У Ильи Петровича аж руки зачесались: вот сейчас взял бы да так и смазал. Да как он смеет с ним, Салытовым, да еще в таком тоне! Разумеется, взвился Салытов еще и оттого, что источник был самый что ни на есть недостоверный.

– Высокое начальство рассматривает его наисерьезным образом! – сообщил он, глядя на урядника с неприязнью. – Меня уполномочили взять у вас кого-нибудь в подчинение и провести тщательный досмотр.

Терпение Салытова было на пределе.

– Мы не можем разбрасываться людьми. Отпускать всех в парк на променад почем зря – ну, знаете ли.

– Но кто-то же есть у вас в распоряжении! Из тех, кто сейчас не при исполнении.

– Вы принуждаете нас принять на веру ваш, так сказать, источник. Должны же мы знать, на каком основании. Так поделитесь вашими сведениями с нами. Кроме того, мне надо еще согласовать со своим начальством. Да и текущими бумагами надо кому-то заниматься.

Боже ты мой, вздор какой. Какой вздор все это! Поставить его, Салытова, в такое нелепое положение! Ждать! И дать ему, наконец, в подчинение Птицына, совсем еще мальчишку!

Салытов хмуро окинул взглядом этого юнца, с добродушной готовностью ждущего условного сигнала. Тьфу!

– Да пойдем уже, дурища! – сердито махнул ему Салытов. Птицын с легкостью сорвался с места, натягивая на бегу перчатку.

* * *

– Ваш благородь! Господин поручик! Видите, вон там?

– Да вижу, вижу.

Оба тяжелой трусцой припустили по снегу, направляясь к болтающемуся на березовом суку телу.

– Мы это ищем? – взволнованно, как школьник, выдохнул на бегу разрумянившийся Птицын.

Салытов не ответил. Записка указывала на убийство, а не на самоубийство.

– Он что, в самом деле мертвый?

– Нет, живой. Болван!

Борода повешенного обледенела, снег обильно запорошил шапку и плечи.

– Будем снимать?

– Я тебе сниму! Не прикасаться ни к чему, понял?

– Кто бы это мог быть?

Салытов опять демонстративно промолчал.

– Я, ваш благородь, в первый раз удавленника вижу, – признался Птицын, оторопело разглядывая окаменелые глаза самоубийцы.

Заметив под шинелью утолщение в области поясницы, Салытов раздвинул заскорузлые полы.

– Ух ты. Выходит, и в самом деле убийство, – определил он, увидев заткнутый за пояс топор с застывшей кровью.

– Ваш благородь, – подал Птицын голос, от озадаченности чуть хриплый. – А как это у него, интересно, получилось?

– Ты о чем, малый?

– Да вот, как он повесился-то?

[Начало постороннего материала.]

Lemma pattern_mx_model H d w : is_pdCG tau H ->
  (forall C, C \in H.1 -> forall i j, i \in C -> j \in C -> d i = d j) ->
  (forall C, C \in H.2 -> forall e f, e \in C -> f \in C -> w e = w f) ->
  (forall i, 2 * p%:R <= d i) -> (forall e, `|w e| <= 2) ->
  in_model H (pattern_mx (Eset H) d w).
Proof.
case=> _ _ EH _ _ d_const w_const d_ge w_le; split.
- apply/matrixP => i j; rewrite !mxE.
  by case: (ltngtP i j) => // /val_inj ->.
- apply: (@diag_dominant_posdef _ _ _ 2 (2 * p%:R)) => [|i j ij|i]; first lra.
    rewrite mxE; case: (ltngtP i j) => [_|_|/val_inj eq_ij]; try by case: ifP; rewrite ?normr0.
    by rewrite eq_ij eqxx in ij.
  by rewrite pattern_mx_diag.
- by move=> i j ij nE; rewrite mxE ij (negbTE nE).
- by move=> C HC i j iC jC; rewrite !pattern_mx_diag (d_const C HC i j).
- move=> C HC e f eC fC.
  have CE : C \subset Eset H by apply: bigcup_sup.
  have [eE fE] := (subsetP CE e eC, subsetP CE f fC).
  rewrite !pattern_mx_edge ?eE ?fE ?(subsetP EH) //; exact: w_const HC e f eC fC.
Qed.

Lemma Eset_sub_of_s_le H G : is_pdCG tau H -> s_le R H G -> Eset H \subset Eset G.
Proof.
move=> hH sHG; have [_ _ EH _ _] := hH.
have [_ _ K0 _ _] : in_model G (pattern_mx (Eset H) (fun=> 2 * p%:R) (fun=> 1)).
  by apply/sHG/pattern_mx_model => // e; rewrite normr1; lra.
apply/subsetP => e eH; apply/negPn/negP => eG.
have eV := subsetP EH e eH; have lt12 : (e.1 < e.2)%N by rewrite inE in eV.
have := K0 e.1 e.2 lt12; rewrite -surjective_pairing pattern_mx_edge // eH.
by move=> /(_ eG)/eqP; rewrite oner_eq0.
Qed.

Lemma LL_sub_of_s_le H G : is_pdCG tau H -> is_pdCG tau G -> s_le R H G ->
  LL q H \subset LL q G.
Proof.
move=> hH hG sHG; apply/subsetP => i; rewrite !inE => /andP[iL Hi]; rewrite iL /=.
have [//|Gi] := vclass_cases hG i.
have [/and3P[_ tiH _] _ _ _ _] := hH.
pose d j : R := 2 * p%:R + (j == i)%:R.
have [_ _ _ Kv _] : in_model G (pattern_mx (Eset H) d (fun=> 1)).
  apply/sHG/pattern_mx_model => // [C HC j k jC kC|j|e].
  - by rewrite /d (set1_class_eqb tiH Hi HC jC kC).
  - by rewrite /d lerDl.
  - by rewrite normr1; lra.
have := Kv _ Gi i (tau i) (set21 _ _) (set22 _ _).
by rewrite !pattern_mx_diag /d eqxx (negbTE (tau_neq i)) /=; lra.
Qed.

Lemma EE_sub_of_s_le H G : is_pdCG tau H -> is_pdCG tau G -> s_le R H G ->
  EE tau H \subset EE tau G.
Proof.
move=> hH hG sHG; have EHG := Eset_sub_of_s_le hH sHG.
apply/subsetP => e eEE; have eL : e \in FL tau by case/setIdP: eEE => /setIP[/setIP[]].
move: eEE; rewrite !inEE // => /and3P[eH teH He]; rewrite !(subsetP EHG) //=.
have [//|Ge] := eclass_cases hG (subsetP EHG e eH).
have [_ /and3P[_ tiH _] EH _ _] := hH.
pose w f : R := 1 + (f == e)%:R.
have [_ _ _ _ Ke] : in_model G (pattern_mx (Eset H) (fun=> 2 * p%:R) w).
  apply/sHG/pattern_mx_model => // [C HC f g fC gC|f].
  - by rewrite /w (set1_class_eqb tiH He HC fC gC).
  - by rewrite /w ger0_norm; case: (f == e) => /=; lra.
have := Ke _ Ge e (tau_e tau e) (set21 _ _) (set22 _ _).
rewrite !pattern_mx_edge ?(subsetP EH) // eH teH /w eqxx.
by rewrite (negbTE (tau_e_FL_neq eL)) /=; lra.
Qed.

Lemma t_le_of_s_le H G : is_pdCG tau H -> is_pdCG tau G -> s_le R H G -> t_le q tau H G.
Proof.
move=> hH hG sHG; split.
- exact: Eset_sub_of_s_le sHG.
- exact: LL_sub_of_s_le sHG.
- exact: EE_sub_of_s_le sHG.
Qed.

Lemma vclass2_of_LL_sub F H : is_pdCG tau F -> is_pdCG tau H -> LL q F \subset LL q H ->
  forall k, [set k; tau k] \in H.1 -> [set k; tau k] \in F.1.
Proof.
move=> hF hH LFH k; have [i iL ->] := tau_set2_L k => Hi2.
have [Fi|//] := vclass_cases hF i.
have [/and3P[_ tiH _] _ _ _ _] := hH.
have : i \in LL q H by rewrite (subsetP LFH) // !inE iL.
rewrite inE => /andP[_ Hi].
by have := tau_neq i; rewrite (set1_set2_class tiH Hi Hi2) eqxx.
Qed.

Lemma eclass2_of_EE_sub F H : is_pdCG tau F -> is_pdCG tau H ->
  EE tau F \subset EE tau H -> Eset H \subset Eset F ->
  forall k, tau_e tau k != k -> [set k; tau_e tau k] \in H.2 -> [set k; tau_e tau k] \in F.2.
Proof.
move=> hF hH EEFH EHF k nk Hk2.
have [_ /and3P[_ tiH _] EH _ _] := hH.
have kV : k \in FV p.
  by apply: (subsetP EH); apply/bigcupP; exists [set k; tau_e tau k]; rewrite ?set21.
have [g gL kgE] := tau_e_set2_FL kV nk; rewrite kgE in Hk2 *.
have gC f : f \in [set g; tau_e tau g] -> f \in Eset F.
  by move=> fC; apply: (subsetP EHF); apply/bigcupP; exists [set g; tau_e tau g].
have [Fg|//] := eclass_cases hF (gC g (set21 _ _)).
have : g \in EE tau H by rewrite (subsetP EEFH) // inEE // Fg !gC ?set21 ?set22.
rewrite inEE // => /and3P[_ _ Hg].
by have := tau_e_FL_neq gL; rewrite (set1_set2_class tiH Hg Hk2) eqxx.
Qed.
Lemma weight_sum x : rsum k (fun i => weight i x) = 1.
Proof.
  pose proof (bump_total_ge1 x). unfold weight, Rdiv.
  rewrite (rsum_ext k _ (fun i => / rsum k (fun j => bump (A j) (L j) x) *
                                   bump (A i) (L i) x)) by (intros; ring).
  rewrite rsum_scal. field. lra.
Qed.

Lemma weight_neq0 i x : weight i x <> 0 -> exists y, A i y /\ dist x y < L i.
Proof.
  intros Hw. apply (bump_pos (A i) (L i) (scale_pos i)).
  destruct (bump_nonneg (A i) (L i) (scale_pos i) x) as [|E]; auto.
  exfalso. apply Hw. unfold weight. rewrite <- E. unfold Rdiv. ring.
Qed.

Lemma near_point_of_weight i x1 x2 : weight i x2 <> 0 -> dist x1 x2 <= INR N ->
  A i (near_point (A i) (T i) x1) /\ dist x1 (near_point (A i) (T i) x1) <= T i.
Proof.
  intros Hw Hd. apply near_point_spec.
  destruct (weight_neq0 i x2 Hw) as [y [Hy Hxy]]. exists y. split; auto.
  pose proof (dist_tri X x1 x2 y).
  unfold T, reach. rewrite plus_INR. fold (L i). lra.
Qed.

Lemma weight_variation x1 x2 :
  rsum k (fun i => Rabs (weight i x1 - weight i x2)) <= dist x1 x2 * eps / 2.
Proof.
  eapply Rle_trans.
  { apply rsum_abs_normalize_minus_le; [intros; apply bump_nonneg, scale_pos|
                                        apply bump_total_ge1|apply bump_total_ge1]. }
  eapply Rle_trans.
  { apply Rmult_le_compat_l; [lra|].
    apply (rsum_le k _ (fun i => dist x1 x2 * / L i)).
    intros i _. apply bump_lipschitz, scale_pos. }
  rewrite rsum_scal.
  pose proof (rsum_inv_geometric_le N k N_pos).
  pose proof (dist_nonneg X x1 x2). unfold L, scale. nra.
Qed.

Lemma glued_unit x : l1_norm_is (glued x) 1.
Proof.
  apply l1_norm_is_convex_comb.
  - intros; apply weight_nonneg.
  - apply weight_sum.
  - intros i y Hi. apply (partial_A_map_nonneg _ _ _ _ _ _ (zeta_partial i Hi)).
  - intros i Hi Hw. apply (partial_A_map_unit _ _ _ _ _ _ (zeta_partial i Hi)).
    apply (near_point_of_weight i x x); [lra|]. rewrite dist_refl. apply pos_INR.
Qed.

Lemma glued_support x y : glued x y <> 0 -> dist x y <= glued_radius.
Proof.
  intros Hxy. destruct (rsum_neq0 _ _ Hxy) as [i [Hi Hne]].
  assert (Hw : weight i x <> 0) by (intros E; apply Hne; rewrite E; ring).
  assert (Hz : zeta i (near_point (A i) (T i) x) y <> 0)
    by (intros E; apply Hne; rewrite E; ring).
  destruct (near_point_of_weight i x x Hw) as [Hp Hxp];
    [rewrite dist_refl; apply pos_INR|].
  pose proof (partial_A_map_support _ _ _ _ _ _ (zeta_partial i Hi) _ _ Hp Hz).
  pose proof (dist_tri X x (near_point (A i) (T i) x) y).
  assert (T i + rad i <= rsum k (fun j => T j + rad j)).
  { apply (rsum_term_le k (fun j => T j + rad j)); auto.
    intros j Hj. pose proof (rad_nonneg j Hj). unfold T. pose proof (pos_INR (reach N j)). lra. }
  unfold glued_radius. lra.
Qed.

Lemma glued_variation_far (m : nat) x1 x2 : (N < m)%nat ->
  l1_norm_le (fun y => glued x1 y - glued x2 y) (INR m * eps).
Proof.
  intros Hm. apply l1_norm_le_weaken with (1 + 1).
  - apply lt_INR in Hm. pose proof N_eps_ge4. nra.
  - apply l1_norm_le_minus; apply l1_norm_is_le, glued_unit.
Qed.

Видите, как вон там веревка обвязана вокруг дерева? Ну, накинул он ее поверх ствола, петлю сделал, затянул. А повис-то как, собственно?

И вправду, если вдуматься. Салытов посмотрел вверх, туда, где под небольшой зарубкой на стволе повязана была веревка. Окинул взглядом редковатые ветви. Глаза неожиданно остановились на клочке сероватой бумаги, не то нанизанном, не то прилепленном к суку. Салытов жестом подозвал подчиненного.

– Да, ваш благородь?

– Сейчас поднимешь меня на плечах.

– Не понял?

– Становись на четыре кости, сейчас поднимать меня будешь. Птицын с растерянным видом опустился на четвереньки, давая дюжему поручику встать себе не плечи.

– Готово? Давай!

Птицын, крякнув под тяжестью, стал постепенно выпрямляться. В какой-то момент, когда Салытов потянулся за клочком, он утратил равновесие – казалось, оба вот-вот рухнут. Но ничего, выровнялся, удержался. Салытов вместо благодарности сердито его лягнул.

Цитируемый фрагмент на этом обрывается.